## Assignment
Repeat exactly, and only, the lines of the entries below from the one with "Lemma rat_in_eval p : rat_in (eval_at p)." through the one with "split=> //; split=>", both ends included.

## Stored items
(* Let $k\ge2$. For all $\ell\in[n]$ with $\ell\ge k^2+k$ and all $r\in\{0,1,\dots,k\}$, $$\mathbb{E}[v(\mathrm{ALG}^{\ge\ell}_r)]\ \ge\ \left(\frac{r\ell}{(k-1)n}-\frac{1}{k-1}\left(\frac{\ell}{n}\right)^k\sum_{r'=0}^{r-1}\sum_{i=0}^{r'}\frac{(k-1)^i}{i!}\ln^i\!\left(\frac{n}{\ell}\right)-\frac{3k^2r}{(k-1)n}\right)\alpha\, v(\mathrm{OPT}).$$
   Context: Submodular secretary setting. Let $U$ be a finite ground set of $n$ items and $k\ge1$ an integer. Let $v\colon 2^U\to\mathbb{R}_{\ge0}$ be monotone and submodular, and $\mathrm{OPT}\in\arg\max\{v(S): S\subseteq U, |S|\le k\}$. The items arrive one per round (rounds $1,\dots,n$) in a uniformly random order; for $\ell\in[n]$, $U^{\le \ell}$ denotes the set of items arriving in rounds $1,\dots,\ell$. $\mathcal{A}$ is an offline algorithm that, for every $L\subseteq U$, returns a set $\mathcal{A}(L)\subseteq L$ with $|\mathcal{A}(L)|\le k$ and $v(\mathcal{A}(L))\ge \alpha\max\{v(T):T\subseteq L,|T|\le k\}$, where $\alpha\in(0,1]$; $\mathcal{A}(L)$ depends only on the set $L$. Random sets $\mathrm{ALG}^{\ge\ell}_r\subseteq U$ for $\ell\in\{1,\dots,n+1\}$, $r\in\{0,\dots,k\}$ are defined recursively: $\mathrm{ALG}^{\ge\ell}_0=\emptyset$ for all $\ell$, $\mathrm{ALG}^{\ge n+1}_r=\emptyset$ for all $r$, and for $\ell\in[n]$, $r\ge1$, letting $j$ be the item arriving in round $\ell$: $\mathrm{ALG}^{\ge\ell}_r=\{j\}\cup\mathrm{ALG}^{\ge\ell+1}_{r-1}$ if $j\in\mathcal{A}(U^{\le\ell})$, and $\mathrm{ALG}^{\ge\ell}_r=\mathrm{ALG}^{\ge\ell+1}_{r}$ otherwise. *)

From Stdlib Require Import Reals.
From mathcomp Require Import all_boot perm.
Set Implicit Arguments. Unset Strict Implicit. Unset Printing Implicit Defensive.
--
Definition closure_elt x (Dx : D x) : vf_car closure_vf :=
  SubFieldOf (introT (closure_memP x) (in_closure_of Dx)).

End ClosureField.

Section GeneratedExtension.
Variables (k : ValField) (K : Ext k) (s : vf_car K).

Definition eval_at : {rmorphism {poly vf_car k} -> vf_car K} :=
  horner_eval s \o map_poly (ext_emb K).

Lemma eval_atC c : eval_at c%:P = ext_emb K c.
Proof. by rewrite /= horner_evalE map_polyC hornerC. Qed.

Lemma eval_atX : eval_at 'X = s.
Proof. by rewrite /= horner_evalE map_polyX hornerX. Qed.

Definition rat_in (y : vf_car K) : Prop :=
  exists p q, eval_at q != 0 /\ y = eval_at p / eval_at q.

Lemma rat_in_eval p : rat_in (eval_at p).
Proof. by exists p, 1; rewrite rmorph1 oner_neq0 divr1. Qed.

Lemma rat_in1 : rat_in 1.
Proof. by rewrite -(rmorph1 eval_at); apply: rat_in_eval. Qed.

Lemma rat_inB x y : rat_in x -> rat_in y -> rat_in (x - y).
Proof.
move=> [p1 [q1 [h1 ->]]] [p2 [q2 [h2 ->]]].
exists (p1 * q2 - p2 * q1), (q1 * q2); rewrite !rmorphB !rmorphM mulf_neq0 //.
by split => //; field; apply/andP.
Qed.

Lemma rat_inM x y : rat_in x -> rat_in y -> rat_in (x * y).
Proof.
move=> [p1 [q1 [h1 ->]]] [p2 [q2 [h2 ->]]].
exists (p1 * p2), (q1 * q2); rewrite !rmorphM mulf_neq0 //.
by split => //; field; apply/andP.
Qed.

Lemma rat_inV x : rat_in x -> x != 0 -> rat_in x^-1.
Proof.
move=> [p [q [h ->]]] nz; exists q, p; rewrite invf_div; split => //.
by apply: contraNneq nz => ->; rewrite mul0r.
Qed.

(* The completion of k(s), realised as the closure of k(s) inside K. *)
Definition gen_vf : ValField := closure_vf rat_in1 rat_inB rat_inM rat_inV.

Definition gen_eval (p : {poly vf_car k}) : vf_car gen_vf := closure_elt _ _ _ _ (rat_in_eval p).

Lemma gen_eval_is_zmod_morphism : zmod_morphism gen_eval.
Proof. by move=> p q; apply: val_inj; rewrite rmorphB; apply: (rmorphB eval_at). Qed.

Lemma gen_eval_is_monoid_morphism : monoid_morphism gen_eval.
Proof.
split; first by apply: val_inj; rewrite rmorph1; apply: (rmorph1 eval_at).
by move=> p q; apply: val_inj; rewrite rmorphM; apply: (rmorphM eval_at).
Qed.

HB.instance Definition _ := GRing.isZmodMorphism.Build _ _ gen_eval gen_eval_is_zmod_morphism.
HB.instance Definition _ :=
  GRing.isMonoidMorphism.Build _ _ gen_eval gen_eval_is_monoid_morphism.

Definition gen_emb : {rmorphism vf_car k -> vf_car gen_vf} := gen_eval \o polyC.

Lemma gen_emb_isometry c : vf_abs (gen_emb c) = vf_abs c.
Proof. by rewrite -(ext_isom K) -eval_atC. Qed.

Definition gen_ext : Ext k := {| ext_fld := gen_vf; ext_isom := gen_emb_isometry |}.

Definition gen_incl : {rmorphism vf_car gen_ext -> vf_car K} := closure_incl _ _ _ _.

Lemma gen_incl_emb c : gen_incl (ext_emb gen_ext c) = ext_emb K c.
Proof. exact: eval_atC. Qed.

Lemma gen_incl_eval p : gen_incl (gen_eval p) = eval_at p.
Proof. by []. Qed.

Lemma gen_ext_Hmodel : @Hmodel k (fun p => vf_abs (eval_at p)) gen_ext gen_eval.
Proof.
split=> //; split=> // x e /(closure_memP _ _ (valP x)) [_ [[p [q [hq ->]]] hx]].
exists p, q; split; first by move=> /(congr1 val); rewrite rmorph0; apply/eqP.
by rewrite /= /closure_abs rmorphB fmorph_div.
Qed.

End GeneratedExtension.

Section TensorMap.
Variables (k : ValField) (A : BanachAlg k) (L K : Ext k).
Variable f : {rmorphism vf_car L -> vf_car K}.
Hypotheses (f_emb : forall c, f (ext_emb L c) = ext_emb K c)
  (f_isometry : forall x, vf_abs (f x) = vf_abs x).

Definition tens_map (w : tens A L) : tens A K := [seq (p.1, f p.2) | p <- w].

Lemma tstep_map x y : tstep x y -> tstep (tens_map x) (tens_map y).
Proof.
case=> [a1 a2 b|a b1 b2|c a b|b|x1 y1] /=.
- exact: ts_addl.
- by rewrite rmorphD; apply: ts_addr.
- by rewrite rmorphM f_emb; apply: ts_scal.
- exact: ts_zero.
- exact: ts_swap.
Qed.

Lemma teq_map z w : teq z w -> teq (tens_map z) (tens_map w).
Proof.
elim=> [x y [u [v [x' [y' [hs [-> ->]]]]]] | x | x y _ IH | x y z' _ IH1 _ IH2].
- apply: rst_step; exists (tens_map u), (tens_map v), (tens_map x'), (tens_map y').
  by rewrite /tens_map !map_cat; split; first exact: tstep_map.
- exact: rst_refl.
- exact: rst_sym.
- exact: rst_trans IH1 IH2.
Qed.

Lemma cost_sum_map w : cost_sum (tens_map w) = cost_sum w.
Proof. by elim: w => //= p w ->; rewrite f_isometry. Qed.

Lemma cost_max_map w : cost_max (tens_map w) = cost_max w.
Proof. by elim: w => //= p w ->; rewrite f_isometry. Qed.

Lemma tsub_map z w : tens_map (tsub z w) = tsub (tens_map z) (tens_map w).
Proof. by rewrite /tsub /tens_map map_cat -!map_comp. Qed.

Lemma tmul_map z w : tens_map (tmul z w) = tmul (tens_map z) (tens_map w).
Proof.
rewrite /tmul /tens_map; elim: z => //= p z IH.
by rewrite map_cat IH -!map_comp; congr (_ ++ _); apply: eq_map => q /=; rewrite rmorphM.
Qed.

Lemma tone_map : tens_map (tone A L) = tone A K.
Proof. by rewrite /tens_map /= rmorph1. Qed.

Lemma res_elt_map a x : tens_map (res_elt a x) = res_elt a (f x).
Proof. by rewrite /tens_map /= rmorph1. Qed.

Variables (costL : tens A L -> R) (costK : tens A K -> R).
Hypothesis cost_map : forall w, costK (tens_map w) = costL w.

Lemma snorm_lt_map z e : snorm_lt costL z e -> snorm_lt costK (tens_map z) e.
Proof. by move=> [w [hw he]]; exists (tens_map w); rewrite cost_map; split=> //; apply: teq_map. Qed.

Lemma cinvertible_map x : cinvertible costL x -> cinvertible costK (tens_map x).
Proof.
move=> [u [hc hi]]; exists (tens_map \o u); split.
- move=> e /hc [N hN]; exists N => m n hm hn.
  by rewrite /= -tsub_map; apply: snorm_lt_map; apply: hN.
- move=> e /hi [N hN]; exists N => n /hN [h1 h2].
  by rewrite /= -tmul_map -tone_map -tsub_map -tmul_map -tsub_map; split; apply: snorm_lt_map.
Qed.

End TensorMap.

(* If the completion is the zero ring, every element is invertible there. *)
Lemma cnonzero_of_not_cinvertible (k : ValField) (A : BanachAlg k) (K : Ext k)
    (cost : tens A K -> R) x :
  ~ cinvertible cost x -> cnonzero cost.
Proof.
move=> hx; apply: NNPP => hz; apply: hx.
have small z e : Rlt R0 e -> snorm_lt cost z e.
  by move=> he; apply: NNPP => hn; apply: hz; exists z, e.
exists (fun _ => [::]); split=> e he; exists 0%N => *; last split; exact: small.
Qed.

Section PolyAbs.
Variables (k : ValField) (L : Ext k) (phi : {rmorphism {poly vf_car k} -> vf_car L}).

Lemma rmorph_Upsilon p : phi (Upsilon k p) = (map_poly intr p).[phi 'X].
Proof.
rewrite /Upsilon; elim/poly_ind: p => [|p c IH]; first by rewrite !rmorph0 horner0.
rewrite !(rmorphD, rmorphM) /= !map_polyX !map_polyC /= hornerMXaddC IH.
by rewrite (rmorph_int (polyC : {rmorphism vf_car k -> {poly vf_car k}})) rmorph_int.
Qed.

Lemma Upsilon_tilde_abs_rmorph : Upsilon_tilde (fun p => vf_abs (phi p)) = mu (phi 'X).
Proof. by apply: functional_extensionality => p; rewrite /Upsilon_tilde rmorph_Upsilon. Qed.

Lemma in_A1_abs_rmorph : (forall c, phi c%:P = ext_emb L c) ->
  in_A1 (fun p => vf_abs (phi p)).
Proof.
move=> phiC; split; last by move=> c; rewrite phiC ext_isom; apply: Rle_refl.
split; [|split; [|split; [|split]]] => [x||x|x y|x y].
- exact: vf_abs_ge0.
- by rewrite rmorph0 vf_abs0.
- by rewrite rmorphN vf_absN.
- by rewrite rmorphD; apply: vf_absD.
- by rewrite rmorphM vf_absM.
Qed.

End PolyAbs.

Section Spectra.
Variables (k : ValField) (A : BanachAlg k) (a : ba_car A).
==
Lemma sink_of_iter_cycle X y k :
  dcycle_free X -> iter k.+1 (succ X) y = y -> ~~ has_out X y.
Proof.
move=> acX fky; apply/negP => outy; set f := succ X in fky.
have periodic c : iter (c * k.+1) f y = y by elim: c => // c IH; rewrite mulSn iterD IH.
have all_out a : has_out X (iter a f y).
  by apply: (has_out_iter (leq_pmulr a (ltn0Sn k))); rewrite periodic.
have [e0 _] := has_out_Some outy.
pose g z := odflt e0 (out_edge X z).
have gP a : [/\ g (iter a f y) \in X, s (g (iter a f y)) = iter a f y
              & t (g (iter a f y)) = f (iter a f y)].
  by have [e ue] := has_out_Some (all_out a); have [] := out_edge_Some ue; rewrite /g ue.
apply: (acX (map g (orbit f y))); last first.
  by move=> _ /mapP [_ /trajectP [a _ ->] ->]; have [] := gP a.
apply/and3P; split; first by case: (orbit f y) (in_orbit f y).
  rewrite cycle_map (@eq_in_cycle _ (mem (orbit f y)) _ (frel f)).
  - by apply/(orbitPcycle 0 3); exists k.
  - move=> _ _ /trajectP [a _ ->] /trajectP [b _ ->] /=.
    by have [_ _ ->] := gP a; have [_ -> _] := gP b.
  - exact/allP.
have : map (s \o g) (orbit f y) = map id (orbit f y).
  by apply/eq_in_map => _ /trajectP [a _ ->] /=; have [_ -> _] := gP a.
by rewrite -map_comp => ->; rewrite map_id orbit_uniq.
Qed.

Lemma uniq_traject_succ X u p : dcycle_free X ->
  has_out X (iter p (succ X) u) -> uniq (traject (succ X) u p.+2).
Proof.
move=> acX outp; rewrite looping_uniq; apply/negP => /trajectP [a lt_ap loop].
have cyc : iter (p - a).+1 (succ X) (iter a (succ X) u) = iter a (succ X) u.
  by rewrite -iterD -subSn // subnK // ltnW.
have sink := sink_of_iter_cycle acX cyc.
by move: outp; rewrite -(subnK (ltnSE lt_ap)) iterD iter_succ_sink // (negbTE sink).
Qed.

## Exercise result
Lemma rat_in_eval p : rat_in (eval_at p).
Proof. by exists p, 1; rewrite rmorph1 oner_neq0 divr1. Qed.

Lemma rat_in1 : rat_in 1.
Proof. by rewrite -(rmorph1 eval_at); apply: rat_in_eval. Qed.

Lemma rat_inB x y : rat_in x -> rat_in y -> rat_in (x - y).
Proof.
move=> [p1 [q1 [h1 ->]]] [p2 [q2 [h2 ->]]].
exists (p1 * q2 - p2 * q1), (q1 * q2); rewrite !rmorphB !rmorphM mulf_neq0 //.
by split => //; field; apply/andP.
Qed.

Lemma rat_inM x y : rat_in x -> rat_in y -> rat_in (x * y).
Proof.
move=> [p1 [q1 [h1 ->]]] [p2 [q2 [h2 ->]]].
exists (p1 * p2), (q1 * q2); rewrite !rmorphM mulf_neq0 //.
by split => //; field; apply/andP.
Qed.

Lemma rat_inV x : rat_in x -> x != 0 -> rat_in x^-1.
Proof.
move=> [p [q [h ->]]] nz; exists q, p; rewrite invf_div; split => //.
by apply: contraNneq nz => ->; rewrite mul0r.
Qed.

(* The completion of k(s), realised as the closure of k(s) inside K. *)
Definition gen_vf : ValField := closure_vf rat_in1 rat_inB rat_inM rat_inV.

Definition gen_eval (p : {poly vf_car k}) : vf_car gen_vf := closure_elt _ _ _ _ (rat_in_eval p).

Lemma gen_eval_is_zmod_morphism : zmod_morphism gen_eval.
Proof. by move=> p q; apply: val_inj; rewrite rmorphB; apply: (rmorphB eval_at). Qed.

Lemma gen_eval_is_monoid_morphism : monoid_morphism gen_eval.
Proof.
split; first by apply: val_inj; rewrite rmorph1; apply: (rmorph1 eval_at).
by move=> p q; apply: val_inj; rewrite rmorphM; apply: (rmorphM eval_at).
Qed.

HB.instance Definition _ := GRing.isZmodMorphism.Build _ _ gen_eval gen_eval_is_zmod_morphism.
HB.instance Definition _ :=
  GRing.isMonoidMorphism.Build _ _ gen_eval gen_eval_is_monoid_morphism.

Definition gen_emb : {rmorphism vf_car k -> vf_car gen_vf} := gen_eval \o polyC.

Lemma gen_emb_isometry c : vf_abs (gen_emb c) = vf_abs c.
Proof. by rewrite -(ext_isom K) -eval_atC. Qed.

Definition gen_ext : Ext k := {| ext_fld := gen_vf; ext_isom := gen_emb_isometry |}.

Definition gen_incl : {rmorphism vf_car gen_ext -> vf_car K} := closure_incl _ _ _ _.

Lemma gen_incl_emb c : gen_incl (ext_emb gen_ext c) = ext_emb K c.
Proof. exact: eval_atC. Qed.

Lemma gen_incl_eval p : gen_incl (gen_eval p) = eval_at p.
Proof. by []. Qed.

Lemma gen_ext_Hmodel : @Hmodel k (fun p => vf_abs (eval_at p)) gen_ext gen_eval.
Proof.
split=> //; split=> // x e /(closure_memP _ _ (valP x)) [_ [[p [q [hq ->]]] hx]].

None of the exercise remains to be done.